====== Provided material ======
(* For representative elements the invariants determine every coordinate:
   a coordinate p^s in a factor of exponent R0 is detected by corner R0 s,
   and a representative has at most one nonzero coordinate per exponent. *)
Lemma coord_of_invariants g h : representative g -> representative h ->
  (forall a t, pmul_mem a t g <-> pmul_mem a t h) ->
  forall x s, val (g x) = p ^ s -> val (h x) = p ^ s.
Proof.
move=> /representative_separated [g_rf g_ppow g_sep].
move=> /representative_separated [h_rf h_ppow h_sep] E x s gx.
have s_lt := Zp_ppow_lt p_prime (r_gt0 (tag x)) gx.
have [Cg1 Cg2 Cg3] : corner g (exponent x) s by apply/cornerP => //; exists x.
have [z zx hz] : exists2 z, exponent z = exponent x & val (h z) = p ^ s.
  by apply/cornerP => //; split; rewrite -E.
suff -> : x = z by [].
apply: first_copy_inj (esym zx) _ _; first exact: in_rf_support g_rf (Zp_ppow_neq0 p_prime gx).
exact: in_rf_support h_rf (Zp_ppow_neq0 p_prime hz).
Qed.

Lemma representative_invariants_inj g h : representative g -> representative h ->
  (forall a t, pmul_mem a t g <-> pmul_mem a t h) -> g = h.
Proof.
move=> g_rep h_rep E; apply/ffunP => x.
have E' a t : pmul_mem a t h <-> pmul_mem a t g by apply: iff_sym.
have [_ g_ppow _] := representative_separated g_rep.
have [_ h_ppow _] := representative_separated h_rep.
case: (g_ppow x) => [gx|[s _ gx]]; last by apply: val_inj; rewrite gx (coord_of_invariants g_rep h_rep E gx).
case: (h_ppow x) => [-> //|[s _ hx]].
by have := coord_of_invariants h_rep g_rep E' hx; rewrite gx => /(Zp_ppow_neq0 p_prime); rewrite eqxx.
Qed.

Lemma ppow_coords_equiv g : exists2 g', ppow_coords g' & aut_equiv g g'.
Proof.
have [u uP] := fin_all_exists (fun x => Zp_unit_ppow p_prime (r_gt0 (tag x)) (g x)).
pose scale (h : G) : G := finfun (fun x => h x * u x)%R.
exists (scale g); first by move=> x; rewrite ffunE; case: (uP x).
apply: aut_equiv_map => [a b /ffunP abE|a b]; apply/ffunP => x.
  by have := abE x; rewrite !ffunE; apply: mulIr; case: (uP x).
by rewrite !ffunE mulrDl.
Qed.

(* The transvection adding m times coordinate c to coordinate d.  It is an
   automorphism as soon as multiplication by m is well defined from
   Z_{p^(exponent c)} to Z_{p^(exponent d)}. *)
Definition transvection (c d : I) (m : nat) (g : G) : G :=
  finfun (fun x => if x == d then (g x + (val (g c) * m)%:R)%R else g x).

Lemma transvection_aut c d m g : c != d -> p ^ exponent d %| p ^ exponent c * m ->
  aut_equiv g (transvection c d m g).
Proof.
move=> c_neq_d dvd_m; apply: aut_equiv_map => [a b /ffunP abE|a b].
  have acE : a c = b c by have := abE c; rewrite !ffunE (negbTE c_neq_d).
  apply/ffunP => x; have := abE x; rewrite !ffunE acE.
  by case: eqP => // _; apply: addIr.
have mul_mod X : (X %% p ^ exponent c * m) %% p ^ exponent d = (X * m) %% p ^ exponent d.
  case/dvdnP: dvd_m => w wE.
  by rewrite {2}(divn_eq X (p ^ exponent c)) mulnDl -mulnA wE mulnA modnMDl.
apply/ffunP => x; rewrite !ffunE; case: eqP => [->|_] //.
rewrite Zp_valD // -(Zp_nat_mod (M_gt1 d)) mul_mod (Zp_nat_mod (M_gt1 d)) mulnDl natrD.
by rewrite -!addrA; congr (_ + _)%R; rewrite addrCA.
Qed.

Definition zap (d : I) (g : G) : G := finfun (fun y => if y == d then 0%R else g y).

Lemma ppow_coords_zap (d : I) (g : G) : ppow_coords g -> ppow_coords (zap d g).
Proof. by move=> g_ppow y; rewrite ffunE; case: eqP => _; [left | exact: g_ppow]. Qed.

(* A dominated coordinate is killed by a transvection from the dominating
   one: p^sd + p^sc * p^(sd - sc) * (p^(r_d) - 1) = 0 in Z_{p^(r_d)}. *)
Lemma clear_dominated g c d : dominates g c d -> c != d -> aut_equiv g (zap d g).
Proof.
move=> [sc [sd [gc gd sc_sd ord_dc]]] c_neq_d.
have sc_lt := Zp_ppow_lt p_prime (r_gt0 (tag c)) gc.
pose m := p ^ (sd - sc) * (p ^ exponent d - 1).
suff -> : zap d g = transvection c d m g.
  apply: transvection_aut => //; rewrite /m mulnA -expnD.
  apply: dvdn_mulr; apply: dvdn_exp2l.
  by move: ord_dc sc_lt; set ec := exponent c; set ed := exponent d; lia.
apply/ffunP => x; rewrite !ffunE; case: eqP => [->|//].
rewrite -[g d]Zp_natr_val gd gc -natrD.
have -> : p ^ sd + p ^ sc * m = p ^ sd * p ^ exponent d.
  rewrite /m mulnA -expnD subnKC // mulnBr muln1 addnC subnK //.
  by rewrite leq_pmulr // expn_gt0 prime_gt0.
by rewrite natrM pchar_Zp // mulr0.
Qed.

(* Termination measure of the reduction: nonzero coordinates count 1 in a
   first copy and 2 in a repeated copy. *)
Definition coord_weight (x : I) := (0 < val (tagged x)).+1.

Definition weight (g : G) := \sum_(x : I) (g x != 0%R) * coord_weight x.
======
● Problem to solve: Please return every line from the first one in the records above down to the line containing "move=> /representative_separated [g_rf", including both, exactly as written and nothing more.

● Solution to this task:
(* For representative elements the invariants determine every coordinate:
   a coordinate p^s in a factor of exponent R0 is detected by corner R0 s,
   and a representative has at most one nonzero coordinate per exponent. *)
Lemma coord_of_invariants g h : representative g -> representative h ->
  (forall a t, pmul_mem a t g <-> pmul_mem a t h) ->
  forall x s, val (g x) = p ^ s -> val (h x) = p ^ s.
Proof.
move=> /representative_separated [g_rf g_ppow g_sep].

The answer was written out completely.